「葉酸摂取で医療費が全国最低水準に」 92歳の現役栄養学者が教える超健康法 「信仰心、ヨガや気功なども長寿に関係」
医療費が全国最低水準に
バランスの良い食事を心がける中で、特に私が強調したいのが「葉酸」の摂取です。水溶性のビタミンの一種である葉酸の欠乏は、脳細胞と血管を障害するホモシステインの濃度を上昇させ、軽度認知障害(MCI)やアルツハイマー型認知症発症のリスクを上げます。加えて、うつ病も葉酸の欠乏が一つの原因と指摘されています。
葉酸摂取の重要性は海外では広く浸透していて、欧米をはじめとする86カ国で、穀類への葉酸添加が義務付けられています。それに比べると、日本は遅れていると言わざるを得ません。日本人は1日平均約290マイクログラムの葉酸を摂取していますが、日本人の約6割は遺伝子的に葉酸をうまく利用できない体質であることが確定していますから、400マイクログラムに上げる必要があるでしょう。

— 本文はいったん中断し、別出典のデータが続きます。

Lemma lform_det_ndvdz k l : k != l -> (p ^ maxn k l < q)%N ->
  ~~ (q%:Z %| (L k).1 * (L l).2 - (L k).2 * (L l).1)%Z.
Proof.
have p0 : (0 < p)%N by lia.
have pX_small a : (p ^ a < q)%N -> ~~ (q%:Z %| P ^+ a)%Z.
  by move=> aq; rewrite -PoszX ndvdz_small // absz_nat expn_gt0 p0.
wlog kl : k l / (k < l)%N => [sym kl lq|_].
  have [kl'|lk|eq_kl] := ltngtP k l; first exact: sym.
    rewrite -rpredN opprB [X in X - _]mulrC [X in _ - X]mulrC.
    by apply: sym; rewrite 1?eq_sym 1?maxnC.
  by rewrite eq_kl eqxx in kl.
rewrite /L /lform (maxn_idPr (ltnW kl)) => lq.
have {}pX_small a : (a <= l)%N -> ~~ (q%:Z %| P ^+ a)%Z.
  by move=> al; apply/pX_small/(leq_ltn_trans _ lq); rewrite leq_pexp2l.
have pXB_small a b : a != b -> (maxn a b <= l)%N -> ~~ (q%:Z %| P ^+ a - P ^+ b)%Z.
  by move=> ab abl; apply/ndvdz_pexpB/(leq_ltn_trans _ lq); rewrite ?leq_pexp2l.
have -> : (l == 0%N) = false by lia.
case: eqP => [_|/eqP k0] /=.
  by case: ifP => _; rewrite ?mul1r ?mul0r ?subr0 // -(expr0 P) pX_small.
case: ifP => kq1; case: ifP => lq1 /=; try lia.
- by rewrite mul1r mulr1; apply: pXB_small; lia.
- by rewrite mul1r -exprD -(expr0 P); apply: pXB_small; lia.
- by rewrite mulr1 mul1r; apply: pXB_small; lia.
Qed.

Lemma lform_dvdz_uniq E x1 x2 k l : prime q -> (p ^ E < q)%N ->
  ~~ ((q%:Z %| x1)%Z && (q%:Z %| x2)%Z) -> (k <= E)%N -> (l <= E)%N ->
  (q%:Z %| lform_eval p q1 k x1 x2)%Z -> (q%:Z %| lform_eval p q1 l x1 x2)%Z -> k = l.
Proof.
move=> q_pr Eq x_prim kE lE Lk Ll; apply/eqP; apply: contraNT x_prim => kl.
apply: dvdz_lin_forms Lk Ll => //; apply: lform_det_ndvdz => //.
by apply: leq_ltn_trans Eq; rewrite leq_pexp2l ?geq_max ?kE //; lia.
Qed.

End LinearFactors.

Lemma logz_prod_coprime_factors q N (L : nat -> int) (e : nat -> nat) : prime q ->
  (forall k l, (k < N)%N -> (l < N)%N ->
     (q%:Z %| L k)%Z -> (q%:Z %| L l)%Z -> k = l) ->
  \prod_(0 <= k < N) L k ^+ e k != 0 ->
  logz q (\prod_(0 <= k < N) L k ^+ e k) = 0%N \/
  exists2 k, (k < N)%N & logz q (\prod_(0 <= k < N) L k ^+ e k) = (e k * logz q (L k))%N.
Proof.
move=> q_pr div_uniq prod0; rewrite logz_prod //.
have [/hasP[k] | /hasPn none] := boolP (has (fun k => q%:Z %| L k)%Z (index_iota 0 N)).
  rewrite mem_index_iota => /andP[_ kN] Lk; right; exists k => //.
  rewrite (bigD1_seq k) ?mem_index_iota ?iota_uniq //= logzX big1_seq ?addn0 //.
  move=> l /andP[lk]; rewrite mem_index_iota => /andP[_ lN].
  rewrite logzX logz_ndvdz ?muln0 //; apply: contra lk => Ll.
  by rewrite (div_uniq l k).
by left; apply: big1_seq => k /andP[_ kN]; rewrite logzX logz_ndvdz ?muln0 ?none.
Qed.

Definition lform_exp (q1 q2 q3 k : nat) : nat :=
  if k == 0%N then (q1 * q2)%N
  else if (k <= q1)%N then (q1 * q3)%N
  else if k == q1.+1 then (q2 * q3)%N
  else if (k - q1.+1 < q3)%N then (q1 * q2)%N
  else if (k - q1.+1 < q3 + q2 - q1)%N then (q1 * q3)%N
  else (q2 * q3)%N.

Lemma pair_multiple_lform_exp q1 q2 q3 k n :
  pair_multiple q1 q2 q3 (lform_exp q1 q2 q3 k * n).
Proof.
rewrite /lform_exp; do ![case: ifP => _]; apply/or3P;
  by [apply: Or31; apply: dvdn_mulr | apply: Or32; apply: dvdn_mulr | apply: Or33; apply: dvdn_mulr].
Qed.

Section FactorIndexing.
Variables (p q1 q2 q3 : nat) (x1 x2 : int).
Local Notation P := p%:Z.
Local Notation F k := (lform_eval p q1 k x1 x2 ^+ lform_exp q1 q2 q3 k).

Lemma lform_prod_head :
  \prod_(0 <= k < q1.+2) F k =
  x1 ^+ (q1 * q2) * (\prod_(1 <= i < q1.+1) (x1 + P ^+ i * x2) ^+ (q1 * q3))
  * (x1 + P ^+ q1.+1 * x2) ^+ (q2 * q3).
Proof.
rewrite big_ltn // big_nat_recr //= mulrA; congr (_ * _ * _).
- by rewrite /lform_eval /lform_exp /= mul1r mul0r addr0.
- apply: eq_big_nat => i /andP[i1 iq1].
  by rewrite /lform_eval /lform /lform_exp /=; do ![case: ifP => ? /=; try lia]; rewrite mul1r.
- by rewrite /lform_eval /lform /lform_exp /=; do ![case: ifP => ? /=; try lia]; rewrite mul1r.
Qed.

Lemma lform_prod_tail : (0 < q1)%N -> (q1 < q2)%N -> (q2 < q3)%N ->
  \prod_(q1.+2 <= k < q3 + q2 + q1) F k =
  (\prod_(1 <= i < q3) (P ^+ i * x1 + x2) ^+ (q1 * q2))
  * (\prod_(q3 <= i < q3 + q2 - q1) (P ^+ i * x1 + x2) ^+ (q1 * q3))
  * (\prod_(q3 + q2 - q1 <= i < q3 + q2 - 1) (P ^+ i * x1 + x2) ^+ (q2 * q3)).
Proof.
move=> q1_gt0 q12 q23; rewrite -[q1.+2]/(1 + q1.+1)%N big_addn.
have -> : (q3 + q2 + q1 - q1.+1 = q3 + q2 - 1)%N by lia.
rewrite (big_cat_nat _ (n := q3 + q2 - q1)) 1?(big_cat_nat _ (n := q3)); try lia.
congr (_ * _ * _); apply: eq_big_nat => i /andP[lo hi];
  rewrite /lform_eval /lform /lform_exp /=; do ![case: ifP => ? /=; try lia];
  by rewrite addnK mul1r.
Qed.

End FactorIndexing.

Lemma f_poly_lforms p q1 q2 q3 x : f_poly p q1 q2 q3 x =
  \prod_(0 <= k < q1.+2) lform_eval p q1 k x 1 ^+ lform_exp q1 q2 q3 k.
Proof.
rewrite lform_prod_head /f_poly mulr1; congr (_ * _ * _).
by apply: eq_bigr => i _; rewrite mulr1.
Qed.

Lemma g2_poly_lforms p q1 q2 q3 x1 x2 : (0 < q1)%N -> (q1 < q2)%N -> (q2 < q3)%N ->
  g2_poly p q1 q2 q3 x1 x2 =
  \prod_(0 <= k < q3 + q2 + q1) lform_eval p q1 k x1 x2 ^+ lform_exp q1 q2 q3 k.
Proof.
move=> q1_gt0 q12 q23; rewrite (big_cat_nat _ (n := q1.+2)) ?lform_prod_head ?lform_prod_tail //;
  try lia.
by rewrite /g2_poly /= !mulrA.
Qed.

Lemma g2_degree q1 q2 q3 : (0 < q1)%N -> (q1 < q2)%N -> (q2 < q3)%N ->
  (3 * (q1 * q2 * q3) = q1 * q2 + q1 * q3 * (q1.+1 - 1) + q2 * q3
   + q1 * q2 * (q3 - 1) + q1 * q3 * (q3 + q2 - q1 - q3)
   + q2 * q3 * (q3 + q2 - 1 - (q3 + q2 - q1)))%N.
Proof.
case: q1 => // r1 _; case: q3 => // r3 q12 q23.
have [r2 ->] : exists r2, q2 = (r1.+1 + r2)%N by exists (q2 - r1.+1)%N; lia.
rewrite (_ : r3.+1 + (r1.+1 + r2) - r1.+1 - r3.+1 = r2)%N; last by lia.
rewrite (_ : r3.+1 + (r1.+1 + r2) - 1 - (r3.+1 + (r1.+1 + r2) - r1.+1) = r1)%N; last by lia.
by rewrite !subn1 /=; ring.
Qed.

Section NotDense.
Variables p q q1 q2 q3 : nat.
Hypotheses (p_gt1 : (1 < p)%N) (q_pr : prime q).
Hypotheses (q1_gt0 : (0 < q1)%N) (q12 : (q1 < q2)%N) (q23 : (q2 < q3)%N).
Local Notation M := (pair_multiple q1 q2 q3).
Local Notation g2 := (g2_poly p q1 q2 q3).

Lemma f_poly_pair_multiple x : (p ^ q1.+1 < q)%N ->
  f_poly p q1 q2 q3 x != 0 -> M (logz q (f_poly p q1 q2 q3 x)).
Proof.
rewrite f_poly_lforms => q_big fx0.
have x_prim : ~~ ((q%:Z %| x)%Z && (q%:Z %| 1)%Z).
  by rewrite dvdz1 absz_nat gtn_eqF ?prime_gt1 ?andbF.
have [->|[k _ ->]] := logz_prod_coprime_factors q_pr
  (fun k l kN lN => lform_dvdz_uniq p_gt1 q_pr q_big x_prim (ltnSE kN) (ltnSE lN)) fx0.
  exact: pair_multiple0.
exact: pair_multiple_lform_exp.
Qed.
(* The equivalence is pointwise linear algebra.  The key fact is a duality
   between D and the adjoint (dP)^*(x) y = sum_i y_i grad P_i(x): for vectors
   v_1,...,v_m in R^n,
     D(v) >= a  implies  a |y| <= (m+1) |sum_i y_i v_i|   for all y, and
     a |y| <= |sum_i y_i v_i| for all y  implies  D(v) >= a.
   The first holds by factoring out the largest coordinate y_i (so that
   |y| <= (m+1)|y_i|), the second by testing with y = e_i - c.  Then
   (a) => (b) by splitting into x inside / outside the horn, and
   (b) => (a) since inside the horn the term |P(x)||y| is at most half of the
   right-hand side. *)

From Stdlib Require Import Reals Lra Lia.
Open Scope R_scope.

Lemma sumR_ext (n : nat) (f g : nat -> R) :
  (forall j, f j = g j) -> sumR n f = sumR n g.
Proof. intros H; induction n; simpl; [reflexivity | rewrite IHn, H; reflexivity]. Qed.

Lemma sumR_plus (n : nat) (f g : nat -> R) :
  sumR n (fun j => f j + g j) = sumR n f + sumR n g.
Proof. induction n; simpl; [lra | rewrite IHn; lra]. Qed.

Lemma sumR_scal (n : nat) (a : R) (f : nat -> R) :
  sumR n (fun j => a * f j) = a * sumR n f.
Proof. induction n; simpl; [lra | rewrite IHn; lra]. Qed.

Lemma sumR_nonneg (n : nat) (f : nat -> R) : (forall j, 0 <= f j) -> 0 <= sumR n f.
Proof. intros H; induction n; simpl; [lra | specialize (H n); lra]. Qed.

Lemma sumR_delta (n i : nat) (a : R) :
  (i < n)%nat -> sumR n (fun j => if Nat.eqb j i then a else 0) = a.
Proof.
  intros Hi.
  assert (Hzero : forall k, (k <= i)%nat ->
            sumR k (fun j => if Nat.eqb j i then a else 0) = 0).
  { induction k as [|k IH]; intros Hk; simpl; [reflexivity|].
    rewrite IH by lia. destruct (Nat.eqb_spec k i); [lia | lra]. }
  induction n as [|n IH]; [lia|]. simpl.
  destruct (Nat.eq_dec i n) as [<-|Hne].
  - rewrite Hzero, Nat.eqb_refl by lia. lra.
  - rewrite IH by lia. destruct (Nat.eqb_spec n i); [lia | lra].
Qed.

実際、女子栄養大学のキャンパスがある埼玉県坂戸市で、市民に葉酸摂取を推奨する「さかど葉酸プロジェクト」を実施したところ、医療費を全国最低水準にできたなどの成果を上げています。
葉酸を摂取するには、何といってもホウレンソウを食べるのが効果的です。他には、レバー、ブロッコリー、トウモロコシにも葉酸が豊富に含まれています。
低血糖のリスク
また、私が学食で昼食を取る時は、魚料理が主菜の定食メニューを選ぶようにしています。魚の摂取を強く意識しているのは、私を含めて日本人の約6割は、魚介類に多く含まれるEPA(エイコサペンタエン酸)とDHA(ドコサヘキサエン酸)を、遺伝子的にうまく合成できないからです。
良質な脂肪酸として知られるEPAとDHAは脳を活性化させる働きがあるとされ、魚介類摂取量最少群と最多群を比較して、前者の認知症リスクを1とした場合、後者は0.39まで下がります。
さらに、食事において特に気を付けなければいけないのが低血糖です。
楽して痩せたいといった思いなどから、現在、糖質制限食がはやっています。糖質ゼロに糖質オフ。糖尿病患者などが糖質制限食にすれば、確かに短期的には血糖値が下がり、体重も落とせます。しかし、長期的に見れば、摂取カロリーの50~55%を糖質、すなわち炭水化物が占めている人が一番長生きするというデータが出ているのです。
実際、救急医療の現場では低血糖発作で亡くなる人が増えていて、低血糖による交通事故も増加しているいいます。とりわけ高齢者は、ただでさえ加齢に伴い判断力が衰えているところに、低血糖によって脳の働きがさらに低下してしまう。脳は体重の2%の重量しか占めていないにもかかわらず、使用するエネルギーは全体の20%を占めています。その脳のエネルギー源は血糖ですから、低血糖がいかに危険かがお分かりいただけると思います。
そして低血糖状態を避けたり、EPAやDHAを摂取したりして脳の健康を保つことは、「食事」「運動」「睡眠」に加えた健康の基本である「精神」の健全性にもつながります。